Der wunde Punkt bei Diabetes
(08.09.2003) Schätzungsweise jeder zweite Diabetiker hier zu Lande ist ein Risikopatient für die Entwicklung eines diabetischen Fußes mit schlecht heilenden Druckgeschwüren und offenen Wunden. Wie man solche Wunden versorgt und ihnen vorbeugt, beantwortet im Folgenden Professor Dr. med. Werner A. Scherbaum, Ärztlicher Direktor der Deutschen Diabetes-Klinik in Düsseldorf.
Prof. Dr. med. Werner Scherbaum, Ärztlicher Direktor an der Deut- schen Diabetes-Klinik des Deutschen Diabetes- Zentrums Düsseldorf; Herausgeber: diabetes-deutschland.de Herr Professor Scherbaum, wie entstehen bei Diabetikern schlecht heilende Druckgeschwüre oder Wunden?
Prof. Dr. med. W. A. Scherbaum: Nach langjährigem Diabetes kann es zu einer Schädigung der Nerven (Polyneuropathie) in den Füßen kommen, mit der Folge, dass Schmerz- und Druckempfindlichkeit herabgesetzt, sind. Außerdem bildet sich übermäßig Hornhaut - begünstigt durch falsches Schuhwerk - sowie trockene, rissig Haut. Hieraus können Druckstellen und offene Wunden entstehen, die häufig, wegen der herabgesetzten Schmerzempfindlichkeit nicht bemerkt werden und daher auch nicht heilen.

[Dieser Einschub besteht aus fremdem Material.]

(* Let $f_0,f_1:X\to\mathbb{R}$ be Morse functions and $\mathcal{F},\mathcal{G}$ two $\mathcal{A}_\infty$-modules over $C_*(\Omega X)$. Let $\{m^0_{x,y}\}_{x,y\in\mathrm{Crit}(f_0)}$, $\{m^1_{x',y'}\}_{x',y'\in\mathrm{Crit}(f_1)}$ be twisting cocycles and $\{\tau_{x,y'}\in C_{|x|-|y'|}(\Omega X)\}$ a family with $\partial\tau_{x,y'}=\sum_z m^0_{x,z}\tau_{z,y'}-\sum_{w'}(-1)^{|x|-|w'|}\tau_{x,w'}m^1_{w',y'}$. Let $\Psi_{\mathcal{F}}:C_*(X,m^0,\mathcal{F})\to C_*(X,m^1,\mathcal{F})$ and $\Psi_{\mathcal{G}}:C_*(X,m^0,\mathcal{G})\to C_*(X,m^1,\mathcal{G})$ be the morphisms $\Psi=\sum_{n\ge1}\sum_{u=1}^n(-1)^{u-1}(\nu_{n+1}\otimes1)\tilde{\mathbf m}_{(1)}^{n-u}\tilde{\boldsymbol\tau}\tilde{\mathbf m}_{(0)}^{u-1}$ (with $\nu=\nu^{\mathcal{F}}$, resp. $\nu^{\mathcal{G}}$). Let $\boldsymbol\varphi:(\mathcal{F},\nu^{\mathcal{F}})\to(\mathcal{G},\nu^{\mathcal{G}})$ be a morphism of $\mathcal{A}_\infty$-modules and $\tilde\varphi_i=\sum_{n\ge0}(\varphi_{n+1}\otimes1)\tilde{\mathbf m}_{(i)}^n:C_*(X,m^i,\mathcal{F})\to C_*(X,m^i,\mathcal{G})$ for $i=0,1$. Then $\Psi_{\mathcal{G}}\circ\tilde\varphi_0$ and $\tilde\varphi_1\circ\Psi_{\mathcal{F}}$ are chain homotopic.
   Context: $C_*(\Omega X)$: cubical chains of Moore based loops, an $\mathcal{A}_\infty$-algebra with $\mu_1$ the differential, $\mu_2$ Pontryagin product, $\mu_i=0$ for $i\ge3$; Koszul sign rule throughout. Twisting cocycles satisfy $\partial m_{x,y}=\sum_z(-1)^{|x|-|z|}m_{x,z}m_{z,y}$ with $m_{x,y}\in C_{|x|-|y|-1}(\Omega X)$. An $\mathcal{A}_\infty$-module $(\mathcal{A},\nu_n)$: $\nu_n:\mathcal{A}\otimes C_*(\Omega X)^{\otimes n-1}\to\mathcal{A}$ of degree $n-2$ with $\sum_{s+t=N,s\ge1}(-1)^{st}\nu_{t+1}(\nu_s\otimes1^{\otimes t})+\sum_{r+s+t=N,r,s\ge1}(-1)^{r+st}\nu_{r+t+1}(1^{\otimes r}\otimes\mu_s\otimes1^{\otimes t})=0$. A morphism $\boldsymbol\varphi$: maps $\varphi_n:\mathcal{F}\otimes C_*(\Omega X)^{\otimes n-1}\to\mathcal{G}$ of degree $n-1$ with $\sum_{s+t=N}(-1)^{st}\varphi_{t+1}(\nu^{\mathcal{F}}_s\otimes1^{\otimes t})+\sum_{r+s+t=N,r\ge1}(-1)^{r+st}\varphi_{r+t+1}(1^{\otimes r}\otimes\mu_s\otimes1^{\otimes t})=\sum_{s+t=N}(-1)^{(s+1)t}\nu^{\mathcal{G}}_{t+1}(\varphi_s\otimes1^{\otimes t})$. For a family $c=\{c_{x,y}\}$, $\mathbf c(x)=\sum_y c_{x,y}\otimes y$ and $\tilde{\mathbf c}(\alpha\otimes\gamma_1\otimes\cdots\otimes\gamma_k\otimes x)=(1^{\otimes k+1}\otimes\mathbf c)(\dots)$ on $\mathcal{A}\otimes TC_*(\Omega X)\otimes\mathbb{Z}\mathrm{Crit}$; $C_*(X,m^i,\mathcal{A})=\mathcal{A}\otimes\mathbb{Z}\mathrm{Crit}(f_i)$ with differential $\sum_{n\ge0}(\nu_{n+1}\otimes1)\tilde{\mathbf m}_{(i)}^n$. *)

(* Algebraic model of the setting of Proposition 5.19:
   C_*(Omega X) is modelled as an abstract nonnegatively graded A_infinity
   algebra over Z with mu_1 = differential, mu_2 = product, mu_i = 0 (i >= 3);
   Crit(f_i) is a finite set graded by the Morse index. *)
From HB Require Import structures.
From mathcomp Require Import all_boot all_order all_algebra.
Set Implicit Arguments. Unset Strict Implicit. Unset Printing Implicit Defensive.
Import Order.TTheory GRing.Theory Num.Theory.
Local Open Scope ring_scope.

Definition sgz (n : int) : int := if odd (absz n) then -1 else 1.
Definition ssc (V : zmodType) (n : int) (v : V) : V := v *~ sgz n.

(* A graded abelian group: a family of subgroups V_d (d : int) of a common
   carrier, pairwise independent (the total group is their direct sum);
   hom d v means "v is homogeneous of degree d". *)
Definition graded (V : zmodType) (hom : int -> V -> Prop) : Prop :=
  (forall d, hom d 0) /\
  (forall d x y, hom d x -> hom d y -> hom d (x - y)) /\
  (forall d e x, d <> e -> hom d x -> hom e x -> x = 0).

Definition homs (V : zmodType) (hom : int -> V -> Prop) (qs : seq int)
  (cs : seq V) : Prop :=
  size qs = size cs /\
  forall i, (i < size cs)%N -> hom (nth 0 qs i) (nth 0 cs i).

Definition muA (C : zmodType) (mu1 : C -> C) (mu2 : C -> C -> C)
  (cs : seq C) : C :=
  match cs with
  | [:: c] => mu1 c
  | [:: a; b] => mu2 a b
  | _ => 0
  end.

Arterielle Durchblutungsstörungen, die bei Diabetikern häufig auftreten, verzögern die Heilung und können zum Absterben von Gewebe führen.
Weiche Warnzeichen gibt es?
Prof. Dr. med. W. A. Scherbaum: Trockene, rissige Haut, übermäßige Hornhautbildung und herabgesetztes Empfindungsvermögen, aber auch Taubheitsgefühl, Kribbeln und Brennen - vor allem in Ruhe und nachts - sind Hinweise auf eine Nervenschädigung. Bläulich marmorierte Haut und Schmerzen beim Gehen deuten auf arterielle Durchblutungsstörungen hin. Beides sollte vom Arzt abgeklärt werden.

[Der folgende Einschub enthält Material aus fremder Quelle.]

Lemma card_submx (F : finFieldType) (m k : nat) (M : 'M[F]_(m, k)) :
  #|[set v : 'rV[F]_k | (v <= M)%MS]| = (#|F| ^ \rank M)%N.
Proof.
have -> : [set v : 'rV[F]_k | (v <= M)%MS] = [set z *m row_base M | z in [set: 'rV_(\rank M)]].
  apply/setP => v; rewrite inE; apply/idP/imsetP => [|[z _ ->]].
    move=> vM; have /submxP[z ->] : (v <= row_base M)%MS by rewrite eq_row_base.
    by exists z; rewrite ?inE.
  by rewrite -(eq_row_base M) submxMl.
by rewrite card_imset ?cardsT ?card_mx ?mul1n //; apply/row_free_inj/row_base_free.
Qed.

Lemma card_submx_diff (F : finFieldType) (m1 m2 k : nat)
    (M : 'M[F]_(m1, k)) (K : 'M[F]_(m2, k)) :
  #|[set v : 'rV[F]_k | (v <= M)%MS && ~~ (v <= K)%MS]| =
  (#|F| ^ \rank M - #|F| ^ \rank (M :&: K))%N.
Proof.
have sub : [set v : 'rV[F]_k | (v <= M :&: K)%MS] \subset [set v | (v <= M)%MS].
  by apply/subsetP => v; rewrite !inE sub_capmx => /andP[].
rewrite -!card_submx -(setIidPr sub) -cardsD.
by apply: eq_card => v; rewrite !inE sub_capmx; case: (v <= M)%MS; rewrite /= ?andbT.
Qed.

Lemma card_bigcup_le (I T : finType) (A : I -> {set T}) :
  (#|\bigcup_i A i| <= \sum_i #|A i|)%N.
Proof.
elim/big_rec2: _ => [|i B s _ le_B]; first by rewrite cards0.
by rewrite (leq_trans (leq_card_setU _ _).1) // leq_add2l.
Qed.

Lemma wt0 (F : finFieldType) (n : nat) : wt (0 : 'rV[F]_n) = 0%N.
Proof. by apply/eqP; rewrite cards_eq0; apply/eqP/setP => j; rewrite !inE mxE eqxx. Qed.

Lemma row_free_wt_gt0 (F : finFieldType) (k n : nat) (G : 'M[F]_(k, n)) :
  (forall x : 'rV[F]_k, x != 0 -> (0 < wt (x *m G))%N) -> row_free G.
Proof.
move=> wt_gt0; rewrite -kermx_eq0; apply/contraT => ker_neq0.
have := wt_gt0 _ (_ : nz_row (kermx G) != 0); rewrite nz_row_eq0.
by rewrite (sub_kermxP (nz_row_sub _)) wt0 => /(_ ker_neq0).
Qed.

Section ComplementOfSubspaces.

Variables (F : finFieldType) (k u h n : nat).
Variables (Us : 'I_h -> 'M[F]_(u, k)) (G : 'M[F]_(k, n)).
Hypothesis rank_Us : forall i, \rank (Us i) = u.
Hypothesis Us_disjoint : forall i j, i != j -> \rank (Us i :&: Us j)%MS = 0%N.
Hypothesis col_outside : forall j : 'I_n,
  (col j G)^T != 0 /\ forall i, ~~ ((col j G)^T <= Us i)%MS.
Hypothesis col_represents : forall v : 'rV[F]_k,
  v != 0 -> (forall i, ~~ (v <= Us i)%MS) ->
  exists! j : 'I_n, exists lambda : F, lambda != 0 /\ (col j G)^T = lambda *: v.

Local Notation q := #|F|.

Let q_gt1 : (1 < q)%N := card_finNzRing_gt1 F.

Lemma Us_meet_eq0 i j (v : 'rV[F]_k) :
  i != j -> (v <= Us i)%MS -> (v <= Us j)%MS -> v = 0.
Proof.
move=> neq_ij vi vj; have /eqP cap0 : (Us i :&: Us j)%MS == 0.
  by rewrite -mxrank_eq0 Us_disjoint.
by apply/eqP; rewrite -submx0 -cap0 sub_capmx vi vj.
Qed.

Definition outside_Us : {set 'rV[F]_k} :=
  [set v | (v != 0) && [forall i, ~~ (v <= Us i)%MS]].

Lemma card_outside_Us_lt : (#|outside_Us| + h * (q ^ u - 1) < q ^ k)%N.
Proof.
pose Z i := [set v : 'rV[F]_k | (v <= Us i)%MS && (v != 0)].
have card_Z i : #|Z i| = (q ^ u - 1)%N.
  rewrite -(rank_Us i) -card_submx (cardsD1 0 [set v | (v <= Us i)%MS]) inE sub0mx.
  by rewrite add1n subSS subn0; apply: eq_card => v; rewrite !inE andbC.
have Z_disj i j : i != j -> [disjoint Z i & Z j].
  move=> neq_ij; rewrite disjoints_subset; apply/subsetP => v.
  rewrite !inE => /andP[vi v_neq0].
  by apply: contra v_neq0 => /andP[vj _]; rewrite (Us_meet_eq0 neq_ij vi vj).
have card_Zs : #|\bigcup_i Z i| = (h * (q ^ u - 1))%N.
  rewrite -sum1_card (partition_disjoint_bigcup _ _ Z_disj).
  rewrite (eq_bigr (fun=> (q ^ u - 1)%N)) => [|i _]; last by rewrite sum1_card card_Z.
  by rewrite sum_nat_const card_ord.
have disj : [disjoint outside_Us & \bigcup_i Z i].
  rewrite disjoints_subset; apply/subsetP => v; rewrite !inE => /andP[_ /forallP v_out].
  by apply/bigcupP => -[i _]; rewrite inE (negbTE (v_out i)).
have sub : outside_Us :|: \bigcup_i Z i \subset [set~ 0].
  apply/subsetP => v; rewrite !inE => /orP[/andP[] // | /bigcupP[i _]].
  by rewrite inE => /andP[].
have := subset_leq_card sub; rewrite cardsC1 card_mx mul1n.
have [_] := leq_card_setU outside_Us (\bigcup_i Z i); rewrite disj => /eqP ->.
rewrite card_Zs => /leq_ltn_trans; apply.
by rewrite ltn_predL expn_gt0 (ltnW q_gt1).
Qed.

Lemma card_outside_Us_ge : ((q - 1) * n <= #|outside_Us|)%N.
Proof.
pose D := setX [set~ (0 : F)] [set: 'I_n].
pose f (p : F * 'I_n) := p.1 *: (col p.2 G)^T.
have f_inj : {in D &, injective f}.
  move=> [l1 j1] [l2 j2]; rewrite !inE /f /= !andbT => l1_neq0 l2_neq0 f_eq.
  have [c_neq0 c_out] := col_outside j1.
  have [j [_ j_uniq]] := col_represents c_neq0 c_out.
  have j_eq1 : j = j1 by apply: j_uniq; exists 1; rewrite oner_neq0 scale1r.
  have j_eq2 : j = j2.
    apply: j_uniq; exists (l1 / l2); rewrite mulf_neq0 ?invr_eq0 //.
    by rewrite mulrC -scalerA f_eq scalerA mulVf // scale1r.
  subst j1 j2; move/eqP: f_eq; rewrite -subr_eq0 -scalerBl scaler_eq0 (negbTE c_neq0).
  by rewrite orbF subr_eq0 => /eqP ->.
have fD_sub : f @: D \subset outside_Us.
  apply/subsetP => _ /imsetP[[l j] lD ->]; move: lD; rewrite !inE /f /= andbT => l_neq0.
  have [c_neq0 c_out] := col_outside j.
  rewrite scaler_eq0 negb_or l_neq0 c_neq0; apply/forallP => i.
  by rewrite eqmx_scale.
have := subset_leq_card fD_sub; rewrite card_in_imset // cardsX cardsC1 cardsT card_ord.
by rewrite subn1.
Qed.

Lemma complement_length_bound : ((q - 1) * n + h * (q ^ u - 1) < q ^ k)%N.
Proof. exact: leq_ltn_trans (leq_add card_outside_Us_ge (leqnn _)) card_outside_Us_lt. Qed.

Lemma card_outside_Us_nker (x : 'rV[F]_k) :
  (#|[set v in outside_Us | ~~ (v <= kermx x^T)%MS]| <= (q - 1) * wt (x *m G))%N.
Proof.
pose D := setX [set~ (0 : F)] [set j | (x *m G) 0 j != 0].
pose f (p : F * 'I_n) := p.1^-1 *: (col p.2 G)^T.
have S_sub : [set v in outside_Us | ~~ (v <= kermx x^T)%MS] \subset f @: D.
  apply/subsetP => v; rewrite !inE => /andP[/andP[v_neq0 /forallP v_out] v_out_K].
  have [j [[l [l_neq0 col_eq]] _]] := col_represents v_neq0 v_out.
  apply/imsetP; exists (l, j); last by rewrite /f /= col_eq scalerA mulVf // scale1r.
  by rewrite !inE l_neq0 mulmx_entry_eq0 col_eq eqmx_scale.
apply: leq_trans (subset_leq_card S_sub) _; apply: leq_trans (leq_imset_card _ _) _.
by rewrite cardsX cardsC1 subn1.
Qed.

Lemma complement_wt_ge : (0 < k)%N -> (0 < u)%N ->
  forall x : 'rV[F]_k, x != 0 -> (q ^ k.-1 - h * q ^ u.-1 <= wt (x *m G))%N.
Proof.
move=> k_gt0 u_gt0 x x_neq0; set K := kermx x^T.
have rank_K : \rank K = k.-1 by rewrite mxrank_ker mxrank_tr rank_rV x_neq0 subn1.
pose N := [set v : 'rV[F]_k | (v <= 1%:M)%MS && ~~ (v <= K)%MS].
pose B i := [set v : 'rV[F]_k | (v <= Us i)%MS && ~~ (v <= K)%MS].
pose S := [set v in outside_Us | ~~ (v <= K)%MS].
have card_N : #|N| = ((q - 1) * q ^ k.-1)%N.
  by rewrite card_submx_diff cap1mx mxrank1 rank_K expn_sub_pred.
have card_B i : (#|B i| <= (q - 1) * q ^ u.-1)%N.
  rewrite card_submx_diff rank_Us -expn_sub_pred //.
  apply/leq_sub2l/leq_pexp2l; first exact: ltnW q_gt1.
  have := mxrank_sum_cap (Us i) K; have := rank_leq_col (Us i + K)%MS.
  by rewrite rank_Us rank_K; lia.
have card_Bs : (#|\bigcup_i B i| <= h * ((q - 1) * q ^ u.-1))%N.
  apply: leq_trans (card_bigcup_le B) _.
  apply: (@leq_trans (\sum_(i < h) (q - 1) * q ^ u.-1)%N); first exact: leq_sum.
  by rewrite sum_nat_const card_ord.
have N_sub : N \subset S :|: \bigcup_i B i.
  apply/subsetP => v; rewrite inE submx1 /= => v_out_K; rewrite in_setU.
  have v_neq0 : v != 0 by apply: contra v_out_K => /eqP ->; rewrite sub0mx.
  have [v_out|/forallPn[i]] := boolP [forall i, ~~ (v <= Us i)%MS].
    by rewrite !inE v_neq0 v_out_K v_out.
  by rewrite negbK => vi; apply/orP; right; apply/bigcupP; exists i; rewrite // inE vi.
have card_S : (#|S| <= (q - 1) * wt (x *m G))%N := card_outside_Us_nker x.
rewrite -(leq_pmul2l (_ : 0 < q - 1)%N) ?subn_gt0 // mulnBr mulnCA.
have le_N : (#|N| <= #|S| + #|\bigcup_i B i|)%N.
  exact: leq_trans (subset_leq_card N_sub) (leq_card_setU _ _).1.
move: card_N card_S card_Bs le_N.
by move: (q ^ k.-1)%N (q ^ u.-1)%N => Y X; lia.
Qed.

End ComplementOfSubspaces.

Theorem corollary2p1 (F : finFieldType) (q k u h n : nat)
  (hq : #|F| = q) (hk : (3 <= k)%N) (hu2 : (2 <= u)%N) (huq : (u <= q)%N)
  (hh1 : (1 <= h)%N)
  (Us : 'I_h -> 'M[F]_(u, k))
  (hrank : forall i, \rank (Us i) = u)
  (hdisj : forall i j, i != j -> \rank (Us i :&: Us j)%MS = 0%N)
  (hcount : (h * (q ^ u - 1) < q ^ k - q ^ k.-1)%N)
  (G : 'M[F]_(k, n))
  (hcols : forall j : 'I_n,
      (col j G)^T != 0 /\ forall i, ~~ ((col j G)^T <= Us i)%MS)
  (hreps : forall v : 'rV[F]_k,
      v != 0 -> (forall i, ~~ (v <= Us i)%MS) ->
      exists! j : 'I_n, exists lambda : F, lambda != 0 /\ (col j G)^T = lambda *: v)
  (hhu : (h <= u * q)%N) :
  distance_optimal G.
Proof.
move=> d [[y [y_in_G y_neq0 <-]] _] [C [rank_C [_ C_min]]]; subst q.
have q_gt1 := card_finNzRing_gt1 F.
have u_gt0 : (0 < u)%N := ltnW hu2.
have k_gt0 : (0 < k)%N := ltnW (ltnW hk).
have u_le_k : (u <= k)%N by rewrite -(hrank (Ordinal hh1)) rank_leq_col.
have wt_ge := complement_wt_ge hrank hreps k_gt0 u_gt0.
have d_gt0 := lt_expn_pred_of_count q_gt1 u_gt0 hcount.
have rank_G : \rank G = k.
  by apply/eqP/row_free_wt_gt0 => x /wt_ge; apply: leq_trans; rewrite subn_gt0.
have [z y_eq] := submxP y_in_G.
have z_neq0 : z != 0 by apply: contraNneq y_neq0 => z0; rewrite y_eq z0 mul0mx.
have long := griesmer_sum_gt_length q_gt1 u_gt0 huq u_le_k hh1 hhu d_gt0
  (complement_length_bound hrank hdisj hcols hreps).
have short := griesmer_bound C_min; rewrite rank_C rank_G in short.
have d_le : ((#|F| ^ k.-1 - h * #|F| ^ u.-1).+1 <= (wt y).+1)%N.
  by rewrite ltnS y_eq wt_ge.
have := leq_trans long (leq_trans (griesmer_sum_monotone k (ltnW q_gt1) d_le) short).
by rewrite ltnn.
Qed.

Wann empfiehlt sich ein Arztbesuch?
Prof. Dr. med. W. A. Scherbaum: Grundsätzlich sollte jeder Diabetiker seine Füße regelmäßig vom Arzt kontrollieren lassen. Zeichen einer Nervenschädigung oder einer arteriellen Durchblutungsstörung muss der Arzt abklären. Ein sofortiger Arztbesuch ist ratsam, wenn offene Wunden, blutende, nässende oder eiternde Stellen neu auftreten oder bereits behandelte Wunden sich verschlimmern. Ebenso empfiehlt sich ein Arztbesuch, wenn am Fuß Zeichen einer Entzündung auftreten, also Rötung und Schwellung, gegebenenfalls auch Überwärmung und Schmerzen, wobei Schmerzen wegen der Nervenschädigung ganz fehlen können. Auch Schwarzverfärbungen der Haut am Fuß muss man sofort dem Arzt zeigen.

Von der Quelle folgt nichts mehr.